In the previous article I talked about introductory facts of SSL/TLS. In this post I will be looking at how a TLS session is established and introduction to internals of TLS protocol.Further in this post it is assumed that TCP is the underlying transport protocol on top of which TLS is working.
TLS consists of two protocols, TLS Handshake Protocol and TLS Record Protocol and can be depicted as in the image below.
From RFC 5246, the TLS Record Protocol is used for encapsulation of various higher-level protocols. One such encapsulated protocol, the TLS Handshake Protocol, allows the server and client to authenticate each other and to negotiate an encryption and cryptographic keys before the application protocol transmits or receives its first byte of data. The TLS Handshake Protocol provides connection security that has three basic properties:
- The peer’s identity can be authenticated using asymmetric cryptography ( RSA, DSA etc).
- The negotiation of a shared secret is secure.
- The negotiation is reliable.
When a TLS session is established, it could be resumption of a previous session between client and server or totally a new session. Firstly, let us see how a new session is established and then how session resumption works.

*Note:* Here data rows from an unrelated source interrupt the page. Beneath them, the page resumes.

Lemma ReD x y : Re (x + y) = Re x + Re y. Proof. by case: x y => a b [c d]. Qed.
Lemma ImD x y : Im (x + y) = Im x + Im y. Proof. by case: x y => a b [c d]. Qed.
Lemma ReN x : Re (- x) = - Re x. Proof. by case: x. Qed.
Lemma ImN x : Im (- x) = - Im x. Proof. by case: x. Qed.
Lemma ReM x y : Re (x * y) = Re x * Re y - Im x * Im y.
Proof. by case: x y => a b [c d]. Qed.
Lemma ImM x y : Im (x * y) = Re x * Im y + Im x * Re y.
Proof. by case: x y => a b [c d]. Qed.
Lemma ReV x : Re x^-1 = Re x / (Re x ^+ 2 + Im x ^+ 2). Proof. by case: x. Qed.
Lemma ImV x : Im x^-1 = - (Im x / (Re x ^+ 2 + Im x ^+ 2)). Proof. by case: x. Qed.
Lemma ReJ x : Re x^* = Re x. Proof. by case: x. Qed.
Lemma ImJ x : Im x^* = - Im x. Proof. by case: x. Qed.
Lemma Re_real (a : R) : Re a%:C = a. Proof. by []. Qed.
Lemma Im_real (a : R) : Im a%:C = 0. Proof. by []. Qed.
Lemma Re_cplx (a b : R) : Re (a +i* b) = a. Proof. by []. Qed.
Lemma Im_cplx (a b : R) : Im (a +i* b) = b. Proof. by []. Qed.

Definition ReImE := (Re_cplx, Im_cplx, ReD, ImD, ReN, ImN, ReM, ImM, ReJ, ImJ,
  Re_real, Im_real).

Lemma Im_sum (I : Type) (r : seq I) (F : I -> C) :
  Im (\sum_(i <- r) F i) = \sum_(i <- r) Im (F i).
Proof. by elim: r => [|a r IH]; rewrite ?big_nil ?big_cons ?ImD ?IH. Qed.

Lemma Im_gt0_neq0 x : 0 < Im x -> x != 0.
Proof. by apply: contraTneq => ->; rewrite ltxx. Qed.

Lemma Im_div_gt0_neq0 x y : 0 < Im (x / y) -> x != 0 /\ y != 0.
Proof.
by move=> H; split; apply: contraTneq H => ->; rewrite ?mul0r ?invr0 ?mulr0 ltxx.
Qed.

Lemma Im_oppV_gt0 x : 0 < Im x -> 0 < Im (- x^-1).
Proof.
move=> x0; rewrite ImN ImV opprK divr_gt0 //.
by rewrite ltr_pwDr ?sqr_ge0 // exprn_gt0.
Qed.

Lemma sqr_Re_Im_gt0 x : x != 0 -> 0 < Re x ^+ 2 + Im x ^+ 2.
Proof.
move=> x0; rewrite lt_neqAle addr_ge0 ?sqr_ge0 // andbT eq_sym.
apply: contra x0; rewrite paddr_eq0 ?sqr_ge0 // !sqrf_eq0 => /andP[/eqP h1 /eqP h2].
by apply/eqP; apply: complex_ext; rewrite ?h1 ?h2.
Qed.

Lemma Im_div x y : y != 0 ->
  Im (x / y) = Im (y^* * x) / (Re y ^+ 2 + Im y ^+ 2).
Proof.
move=> y0; have := lt0r_neq0 (sqr_Re_Im_gt0 y0).
by rewrite ImM ReV ImV !ReImE => ?; field.
Qed.

Lemma normc_real (a : R) : `|a%:C| = `|a|%:C.
Proof. by rewrite normc_def /= expr0n addr0 sqrtr_sqr. Qed.

Lemma normc_i : `|'i| = 1 :> C.
Proof. by rewrite normc_def /= expr0n expr1n add0r sqrtr1. Qed.

Lemma normc_ge_Im x : `|Im x|%:C <= `|x|.
Proof. by have := normc_ge_Re (x * 'i); rewrite ReiNIm normrN normrM normc_i mulr1. Qed.

Lemma normc_le_Re_Im x : `|x| <= (`|Re x| + `|Im x|)%:C.
Proof.
rewrite {1}[x]complexE rmorphD /= -!normc_real.
by rewrite (le_trans (ler_normD _ _)) // normrM normc_i mul1r.
Qed.

Lemma cexpD x y : cexp (x + y) = cexp x * cexp y.
Proof.
rewrite /cexp !ReD !ImD expRD sinD cosD.
by apply: complex_ext; rewrite !ReImE; ring.
Qed.

Lemma cexp0 : cexp (0 : C) = 1.
Proof. by rewrite /cexp /= expR0 cos0 sin0; apply: complex_ext; rewrite !ReImE; ring. Qed.

Lemma cexp_neq0 x : cexp x != 0.
Proof.
apply/negP => /eqP cx0.
have : cexp x * cexp (- x) = 1 by rewrite -cexpD subrr cexp0.
by rewrite cx0 mul0r => /eqP; rewrite eq_sym oner_eq0.
Qed.

Lemma cexpB x y : cexp (x - y) = cexp x / cexp y.
Proof. by apply: (mulIf (cexp_neq0 y)); rewrite -cexpD subrK divfK ?cexp_neq0. Qed.

Lemma cexp_eq1 x : cexp x = 1 -> Re x = 0 /\ cos (Im x) = 1.
Proof.
rewrite /cexp => ex1.
have ec : expR (Re x) * cos (Im x) = 1.
  by move: (congr1 Re ex1); rewrite !ReImE; lra.
have es : expR (Re x) * sin (Im x) = 0.
  by move: (congr1 Im ex1); rewrite !ReImE; lra.
have s0 : sin (Im x) = 0.
  by move/eqP: es; rewrite mulf_eq0 gt_eqF ?expR_gt0 //= => /eqP.
have := cos2Dsin2 (Im x); rewrite s0 expr0n addr0 => /eqP.
rewrite sqrf_eq1 => /orP[/eqP c1|/eqP cN1].
  by split=> //; apply: expR_inj; rewrite expR0 -[RHS]ec c1 mulr1.
by have := expR_gt0 (Re x); rewrite cN1 in ec; lra.
Qed.

Lemma cexp_ipi : cexp (0 +i* pi) = -1 :> C.
Proof. by rewrite /cexp /= expR0 cospi sinpi; apply: complex_ext; rewrite !ReImE; ring. Qed.

(** * Continuity along real lines *)

Definition rc_continuous f t : Prop :=
  (fun s => Re (f s)) @ t --> Re (f t) /\ (fun s => Im (f s)) @ t --> Im (f t).

Definition cc_continuous (g : C -> C) (z : C) : Prop :=
  forall e : R, 0 < e -> exists2 d : R, 0 < d &
    forall w, `|w - z| < d%:C -> `|g w - g z| < e%:C.

Lemma rc_continuousP f t : rc_continuous f t <->
  forall e : R, 0 < e -> exists2 d : R, 0 < d &
    forall s, `|s - t| < d -> `|f s - f t| < e%:C.
Proof.
split.
  case=> /cvgrPdist_lt cRe /cvgrPdist_lt cIm e e0.
  have e20 : 0 < e / 2 by rewrite divr_gt0.
  have /nbhs_ballP[d1 d10 Hd1] := cRe _ e20.
  have /nbhs_ballP[d2 d20 Hd2] := cIm _ e20.
  exists (Num.min d1 d2) => [|s Hs]; first by rewrite lt_min d10 d20.
  have [s1 s2] : ball t d1 s /\ ball t d2 s.
    by rewrite /ball /= distrC; move: Hs; rewrite lt_min => /andP[].
  apply: (le_lt_trans (normc_le_Re_Im _)); rewrite ltcR ReD ImD ReN ImN.
  by rewrite [e]splitr ltrD // distrC; [exact: Hd1 | exact: Hd2].
move=> H; split; apply/cvgrPdist_lt => e e0; have [d d0 Hd] := H e e0;
  apply/nbhs_ballP; exists d => // s; rewrite /ball /= distrC => /Hd fst.
  rewrite distrC -ltcR; apply: le_lt_trans fst.
  by have := normc_ge_Re (f s - f t); rewrite ReD ReN.
rewrite distrC -ltcR; apply: le_lt_trans fst.
by have := normc_ge_Im (f s - f t); rewrite ImD ImN.
Qed.

Lemma rc_continuous_cst (a : C) t : rc_continuous (fun _ => a) t.
Proof. by split; apply: cvg_cst. Qed.

Lemma rc_continuous_real t : rc_continuous (fun s => s%:C) t.
Proof. by split; [apply: cvg_id | apply: cvg_cst]. Qed.

Lemma rc_continuousD f g t :
  rc_continuous f t -> rc_continuous g t -> rc_continuous (fun s => f s + g s) t.
Proof.
case=> f1 f2 [g1 g2]; split.
  by rewrite ReD; under eq_fun do rewrite ReD; exact: cvgD.
by rewrite ImD; under eq_fun do rewrite ImD; exact: cvgD.
Qed.

Lemma rc_continuousN f t : rc_continuous f t -> rc_continuous (fun s => - f s) t.
Proof.
case=> f1 f2; split.
  by rewrite ReN; under eq_fun do rewrite ReN; exact: cvgN.
by rewrite ImN; under eq_fun do rewrite ImN; exact: cvgN.
Qed.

TLS new session negotiation
Post TCP 3-way handshake, TLS session establishment initiates. This can be observed in the wireshark snapshot below.
The client starts the initiation process by sending a Client Hello packet. Client Hello contains vital information like max TLS version supported by the client, cipher suits supported, compression algorithms supported and various TLS extensions supported by the client. Heartbeat is a commonly used extension and Heartbleed bug was present in this TLS extension in OpenSSL library.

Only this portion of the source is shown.